Hovan shook his head sadly. "I can say no more, Steve, except— remember always the purpose of the Ordeal."

"Purpose. Yeah. Only I'm beginning to think there is no purpose. This whole damn thing's impossible."

But Hovan's words roused Tarlac from his exhausted depression and made him think, with all a Ranger's problem-solving acuteness.

Start with one thing: Hovan had told him the Lords didn't ask the impossible, and his experience as Kranath confirmed that. They might ask things just short of impossible, but anything they asked could be done.

All right. That meant there was a solution; he just had to find it. Hovan hadn't stated as a fact that Kranath's Vision would bring the end of this cycle, but that idea gave him background he needed.

Wait a minute. It couldn't be a coincidence that the Vision and the cycle's end came together—but it also couldn't be the cause-and-effect relationship Hovan seemed to think. The cycle had already ended, ten years ago, when the Empire and Traiti had first met. The Traiti were no longer isolated, whatever happened.

And he'd already accepted responsibility for determining the new cycle, by agreeing to the Ordeal. If it was death, he'd share it. If it was peace, the Traiti would be exposed to Imperial culture, and he'd help them make the best synthesis they could of it and their own.

That simplified things again, to whether or not he should tell them of their origin.
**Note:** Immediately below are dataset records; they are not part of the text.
(* Consider an $N$-player game where player $i$ has a convex compact set $X_i\subseteq\mathbb{R}^{n_i}$ and a real-valued objective $f_i$ with $f_i(\cdot,x_{-i})$ $\rho_i$-weakly convex on $\mathbb{R}^{n_i}$ for every $x_{-i}$, and let $0<\eta<\min_i\rho_i^{-1}$. Suppose that for every $i$ and $x_{-i}$ the subdifferential map $\partial_{x_i}f_i(\cdot,x_{-i})$ is $L_i$-Lipschitz. Let $x^*\in X$ be a QNE of the Moreau-smoothed game, i.e. $\nabla_{x_i}f_i^\eta(x_i^*,x_{-i}^* )^\top(x_i-x_i^* )\ge0$ for all $x_i\in X_i$ and all $i$, and suppose $\|\nabla_{x_i}f_i^\eta(x_i^*,x_{-i}^* )\|\le M^*$ for all $i$. Then $x^*$ is an $\eta LDM^*$-QNE of the original game, where $L\triangleq\max_iL_i$ and $D\triangleq\max_i\operatorname{diam}(X_i)$.
   Context: A function $g$ is $\rho$-weakly convex if $g+\frac\rho2\|\cdot\|^2$ is convex; its subdifferential is $\partial g(x)=\partial(g+\frac\rho2\|\cdot\|^2)(x)-\rho x$. $f_i^\eta(x_i,x_{-i})\triangleq\min_{y\in\mathbb{R}^{n_i}}\{f_i(y,x_{-i})+\frac1{2\eta}\|y-x_i\|^2\}$ is the Moreau envelope in $x_i$ (differentiable in $x_i$ for $\eta<\rho_i^{-1}$). A set-valued map $F$ is $L$-Lipschitz if $F(u)\subseteq F(v)+L\|u-v\|\mathbb{B}$ for all $u,v$, with $\mathbb{B}$ the closed unit ball. For $\epsilon\ge0$, $x^*\in X$ is an $\epsilon$-QNE of the original game if for every $i$, $f_i'(x_i^*,x_{-i}^*;x_i-x_i^* )\ge-\epsilon$ for all $x_i\in X_i$, where $f_i'(\cdot,x_{-i}^*;d)$ is the directional derivative of $f_i(\cdot,x^*_{-i})$. *)

From HB Require Import structures.
From mathcomp Require Import all_boot all_order all_algebra.
From mathcomp Require Import all_classical all_reals all_analysis.
Set Implicit Arguments. Unset Strict Implicit. Unset Printing Implicit Defensive.
Import Order.TTheory GRing.Theory Num.Theory.
Import numFieldNormedType.Exports.
Local Open Scope classical_set_scope.
Local Open Scope ring_scope.

Section Defs.
Variable R : realType.

Definition dotv n (u v : 'rV[R]_n) : R := \sum_(j < n) u 0 j * v 0 j.
Definition enorm n (v : 'rV[R]_n) : R := Num.sqrt (dotv v v).

Definition convex_fun n (h : 'rV[R]_n -> R) : Prop :=
  forall (x y : 'rV[R]_n) (t : R), 0 <= t <= 1 ->
    h (t *: x + (1 - t) *: y) <= t * h x + (1 - t) * h y.

Definition weakly_convex n (rho : R) (g : 'rV[R]_n -> R) : Prop :=
  convex_fun (fun y => g y + rho / 2 * (enorm y) ^+ 2).

Definition cvx_subdiff n (h : 'rV[R]_n -> R) (x : 'rV[R]_n) : set 'rV[R]_n :=
  [set v | forall y, h x + dotv v (y - x) <= h y].

Definition wsubdiff n (rho : R) (g : 'rV[R]_n -> R) (x : 'rV[R]_n) : set 'rV[R]_n :=
  [set w - rho *: x | w in cvx_subdiff (fun y => g y + rho / 2 * (enorm y) ^+ 2) x].

Definition setval_lipschitz n (F : 'rV[R]_n -> set 'rV[R]_n) (L : R) : Prop :=
  forall u v a, F u a -> exists2 b, F v b & enorm (a - b) <= L * enorm (u - v).

Definition moreau n (eta : R) (g : 'rV[R]_n -> R) (x : 'rV[R]_n) : R :=
  inf [set g y + (2 * eta)^-1 * (enorm (y - x)) ^+ 2 | y in [set: 'rV[R]_n]].

Definition is_gradient n (g : 'rV[R]_n -> R) (x gr : 'rV[R]_n) : Prop :=
  forall e : R, 0 < e -> exists2 d : R, 0 < d & forall h : 'rV[R]_n,
    enorm h < d -> `|g (x + h) - g x - dotv gr h| <= e * enorm h.

Definition is_dir_deriv n (g : 'rV[R]_n -> R) (x d : 'rV[R]_n) (l : R) : Prop :=
  (fun t : R => (g (x + t *: d) - g x) / t) @ 0^'+ --> l.

Definition diam n (X : set 'rV[R]_n) : R :=
  sup [set enorm (u - v) | u in X & v in X].

End Defs.

(* Games: N players, player i has strategies in R^(n i); a joint profile is a
   dependent function; (y, x_{-i}) is  dfwith x y  (x with component i set to y). *)
Definition profile (R : realType) (N : nat) (n : 'I_N -> nat) :=
  forall i : 'I_N, 'rV[R]_(n i).

Definition partial_obj (R : realType) (N : nat) (n : 'I_N -> nat)
  (f : 'I_N -> profile R n -> R) (i : 'I_N) (x : profile R n) : 'rV[R]_(n i) -> R :=
  fun y => f i (@dfwith _ (fun j => 'rV[R]_(n j)) x i y).
Arguments partial_obj {R N n} f i x _.

Definition eps_QNE (R : realType) (N : nat) (n : 'I_N -> nat)
  (X : forall i : 'I_N, set 'rV[R]_(n i)) (f : 'I_N -> profile R n -> R)
  (eps : R) (xs : profile R n) : Prop :=
  (forall i, X i (xs i)) /\
  forall i (xi : 'rV[R]_(n i)), X i xi ->
    exists l : R, is_dir_deriv (partial_obj f i xs) (xs i) (xi - xs i) l /\ - eps <= l.

From HB Require Import structures.
From mathcomp Require Import all_boot all_order all_algebra.
From mathcomp Require Import all_classical all_reals all_analysis.
From mathcomp Require Import ring lra.
Import Order.TTheory GRing.Theory Num.Theory.
Import numFieldNormedType.Exports.
Local Open Scope classical_set_scope.
Local Open Scope ring_scope.
Set Implicit Arguments. Unset Strict Implicit. Unset Printing Implicit Defensive.

(* If the Moreau envelope of the rho-weakly convex function F = f_i(., x*_{-i})
   has gradient g at x*_i, then p = x*_i - eta g minimizes the proximal
   objective, so g is a weak subgradient of F at p.  The Lipschitz property of
   the subdifferential moves g to a subgradient v of F at x*_i with
   |g - v| <= L eta |g|, and the directional derivative of a weakly convex
   function dominates every subgradient, whence
   F'(x*_i; x_i - x*_i) >= <g, x_i - x*_i> - L eta |g| |x_i - x*_i| >= - eta L D M*. *)

Section InnerProduct.
Variables (R : realType) (n : nat).
Implicit Types (a : R) (u v w : 'rV[R]_n).

Lemma dotvC u v : dotv u v = dotv v u.
Proof. by apply: eq_bigr => j _; rewrite mulrC. Qed.

Lemma dotvDl u v w : dotv (u + v) w = dotv u w + dotv v w.
Proof. by rewrite /dotv -big_split; apply: eq_bigr => j _; rewrite mxE mulrDl. Qed.

Lemma dotvZl a u v : dotv (a *: u) v = a * dotv u v.
Proof. by rewrite /dotv mulr_sumr; apply: eq_bigr => j _; rewrite mxE mulrA. Qed.

Lemma dotvNl u v : dotv (- u) v = - dotv u v.
Proof. by rewrite -scaleN1r dotvZl mulN1r. Qed.

Lemma dotvBl u v w : dotv (u - v) w = dotv u w - dotv v w.
Proof. by rewrite dotvDl dotvNl. Qed.

Lemma dotv0l v : dotv 0 v = 0.
Proof. by rewrite -(scale0r 0) dotvZl mul0r. Qed.

Lemma dotvDr u v w : dotv w (u + v) = dotv w u + dotv w v.
Proof. by rewrite dotvC dotvDl !(dotvC w). Qed.

Lemma dotvZr a u v : dotv v (a *: u) = a * dotv v u.
Proof. by rewrite dotvC dotvZl dotvC. Qed.

Lemma dotvNr u v : dotv v (- u) = - dotv v u.
Proof. by rewrite dotvC dotvNl dotvC. Qed.

Lemma dotvBr u v w : dotv w (u - v) = dotv w u - dotv w v.
Proof. by rewrite dotvDr dotvNr. Qed.
(* Let $\varepsilon$ be an end of a graph $G$ and $U$ a countable set of vertices of $G$. If there is an uncountable collection $\mathcal{C}$ of internally disjoint $\varepsilon$--$U$ combs in $G$, then $G$ contains a $|\mathcal{C}|$-star of rays, all of whose rays belong to $\varepsilon$, whose leaf rays are the spines of (a subset of) the combs in $\mathcal{C}$.
   Context: A ray is a one-way infinite path; two rays are equivalent if there are infinitely many disjoint paths between them; an end is an equivalence class of rays. An $\varepsilon$--$U$ comb is a subgraph $C=R\cup\bigcup\mathcal{P}$ of $G$ consisting of a ray $R$ (its spine) disjoint from $U$ and belonging to $\varepsilon$, and an infinite family $\mathcal{P}$ of disjoint $R$--$U$ paths; its interior is $C-U$; two such combs are internally disjoint if their interiors are disjoint. A $\kappa$-star of rays consists of pairwise disjoint rays $R$ (centre ray) and $R_i$, $i\in I$, $|I|=\kappa$ (leaf rays), together with a set $\mathcal{P}$ of independent paths (no inner vertex of one lies on another), each meeting the union of these rays exactly in its endvertices and joining $R$ to some $R_i$, such that for each $i$ there are infinitely many disjoint $R_i$--$R$ paths in $\mathcal{P}$. *)

From Stdlib Require Import List.
Import ListNotations.

Section Graphs.
Context {V : Type} (adj : V -> V -> Prop).

Fixpoint chain (l : list V) : Prop :=
  match l with
  | x :: ((y :: _) as t) => adj x y /\ chain t
  | _ => True
  end.

Definition is_path (p : list V) : Prop := p <> [] /\ NoDup p /\ chain p.

(* Diestel's A--B path: meets A exactly in its first vertex and B exactly in its last *)
Definition AB_path (A B : V -> Prop) (p : list V) : Prop :=
  is_path p /\
  (exists x t, p = x :: t /\ A x /\ forall y, In y t -> ~ A y) /\
  (exists t x, p = t ++ [x] /\ B x /\ forall y, In y t -> ~ B y).

Definition disjoint_lists (p q : list V) : Prop := forall v, In v p -> ~ In v q.

Definition is_ray (r : nat -> V) : Prop :=
  (forall n m, r n = r m -> n = m) /\ forall n, adj (r n) (r (S n)).

Definition in_ray (r : nat -> V) (v : V) : Prop := exists n, r n = v.

Definition equiv_rays (R1 R2 : nat -> V) : Prop :=
  exists f : nat -> list V,
    (forall n, AB_path (in_ray R1) (in_ray R2) (f n)) /\
    (forall n m, n <> m -> disjoint_lists (f n) (f m)).

Definition is_end (eps : (nat -> V) -> Prop) : Prop :=
  exists R0, is_ray R0 /\ forall R, eps R <-> (is_ray R /\ equiv_rays R0 R).

Definition countable_set (U : V -> Prop) : Prop :=
  exists f : V -> nat, forall x y, U x -> U y -> f x = f y -> x = y.

Record comb := mkComb { spine : nat -> V; teeth : nat -> list V }.

Definition is_comb (eps : (nat -> V) -> Prop) (U : V -> Prop) (c : comb) : Prop :=
  is_ray (spine c) /\ eps (spine c) /\
  (forall v, in_ray (spine c) v -> ~ U v) /\
  (forall n, AB_path (in_ray (spine c)) U (teeth c n)) /\
  (forall n m, n <> m -> disjoint_lists (teeth c n) (teeth c m)).

Definition in_comb (c : comb) (v : V) : Prop :=
  in_ray (spine c) v \/ exists n, In v (teeth c n).

Definition comb_interior (U : V -> Prop) (c : comb) (v : V) : Prop :=
  in_comb c v /\ ~ U v.

Definition internally_disjoint (U : V -> Prop) (c1 c2 : comb) : Prop :=
  forall v, comb_interior U c1 v -> ~ comb_interior U c2 v.

Definition inner_vertex (p : list V) (v : V) : Prop :=
  exists x m y, p = x :: m ++ [y] /\ In v m.

Definition is_star_of_rays (J : Type) (R : nat -> V) (L : J -> nat -> V)
    (P : list V -> Prop) : Prop :=
  let in_union v := in_ray R v \/ exists k, in_ray (L k) v in
  is_ray R /\ (forall j, is_ray (L j)) /\
  (forall j v, in_ray R v -> ~ in_ray (L j) v) /\
  (forall j k, j <> k -> forall v, in_ray (L j) v -> ~ in_ray (L k) v) /\
  (forall p, P p -> is_path p /\
     exists x m y j, p = x :: m ++ [y] /\ in_ray R x /\ in_ray (L j) y /\
       forall v, In v m -> ~ in_union v) /\
  (forall p q, P p -> P q -> p <> q -> forall v, inner_vertex p v -> ~ In v q) /\
  (forall j, exists f : nat -> list V,
     (forall n, P (f n)) /\
     (forall n, exists t y, f n = t ++ [y] /\ in_ray (L j) y) /\
     (forall n m, n <> m -> disjoint_lists (f n) (f m))).

End Graphs.

(* Call a vertex [u] of [U] heavy if uncountably many of the combs have a tooth ending at
   [u]. As every vertex lies in the interior of at most one comb, some comb at a heavy [u]
   avoids any given finite set, so [u] can be joined through that comb to a tail of a fixed
   ray [R0] of [eps]. This lets a path be extended, alternately, through the countably many
   heavy vertices and back to [R0]; in the limit it becomes a ray [R] of [eps] containing
   all heavy vertices. Only countably many combs are spoiled: those whose interior meets
   [R], and those with a tooth ending at one of the countably many light vertices. Each of
   the others -- as many as all the combs -- has its teeth starting on [R], and these teeth
   make its spine a leaf of a star of rays with centre [R]. *)

From Stdlib Require Import List Arith Lia Classical ClassicalEpsilon ProofIrrelevance Cantor FinFun.
Import ListNotations.

Fixpoint count_below (A : nat -> Prop) (n : nat) : nat :=
  match n with
  | 0 => 0
  | S n => count_below A n + if excluded_middle_informative (A n) then 1 else 0
  end.

Lemma count_below_mono A a b : a <= b -> count_below A a <= count_below A b.
Proof. induction 1; simpl; [lia|]. destruct (excluded_middle_informative _); lia. Qed.

Lemma count_below_strict A a b : a < b -> A a -> count_below A a < count_below A b.
Proof.
  intros Hab Ha. apply Nat.lt_le_trans with (count_below A (S a)).
  - simpl. destruct (excluded_middle_informative (A a)); [lia|contradiction].
  - apply count_below_mono; lia.
Qed.

Lemma count_below_bijective (A : nat -> Prop) : (forall N, exists n, N <= n /\ A n) ->
  (forall a b, A a -> A b -> count_below A a = count_below A b -> a = b) /\
  (forall k, exists a, A a /\ count_below A a = k).
Proof.
  intros Hinf. split.
  - intros a b Ha Hb E. destruct (Nat.lt_total a b) as [H|[H|H]]; auto.
    + pose proof (count_below_strict A a b H Ha); lia.
    + pose proof (count_below_strict A b a H Hb); lia.
  - assert (Hunb : forall k, exists N, k <= count_below A N).
    { induction k as [|k [N HN]]; [exists 0; lia|].
      destruct (Hinf N) as [n [Hn An]]. exists (S n). simpl.
      destruct (excluded_middle_informative (A n)); [|contradiction].
      pose proof (count_below_mono A N n Hn). lia. }
    assert (Hhit : forall N k, k < count_below A N -> exists n, A n /\ count_below A n = k).
    { induction N; intros k Hk; simpl in Hk; [lia|].
      destruct (excluded_middle_informative (A N)) as [HA|HA].
      - destruct (Nat.lt_total k (count_below A N)) as [H|[H|H]];
          [apply IHN; auto|exists N; auto|lia].
      - apply IHN; lia. }
    intros k. destruct (Hunb (S k)) as [N HN]. apply (Hhit N). lia.
Qed.

Section Countability.
Context {T : Type}.

Lemma countable_set_sub (P Q : T -> Prop) :
  (forall x, P x -> Q x) -> countable_set Q -> countable_set P.
Proof. intros HPQ [g Hg]. exists g. auto. Qed.

Lemma countable_set_subsingleton (P : T -> Prop) :
  (forall x y, P x -> P y -> x = y) -> countable_set P.
Proof. intros H. exists (fun _ => 0). auto. Qed.

Lemma countable_set_union (P Q : T -> Prop) :
  countable_set P -> countable_set Q -> countable_set (fun x => P x \/ Q x).
Proof.
  intros [gP HgP] [gQ HgQ].
  exists (fun x => if excluded_middle_informative (P x) then 2 * gP x else S (2 * gQ x)).
  intros x y Hx Hy E.
  destruct (excluded_middle_informative (P x)) as [Px|nPx];
  destruct (excluded_middle_informative (P y)) as [Py|nPy]; try lia.
  - apply HgP; auto; lia.
  - apply HgQ; [tauto|tauto|lia].
Qed.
And it brought up what had to be the real consideration. Did he have the right—was it honorable—to deny the Traiti knowledge of their heritage? Whatever the consequences?

Put that way, the answer was obvious. He did not.

Hovan had given him that answer, before either of them knew the question, the day they'd landed on Homeworld. Tarlac remembered asking, surprised, if the unworried-seeming civilians knew how the war was going, and the reply was apt here too: "Such things must in honor known be."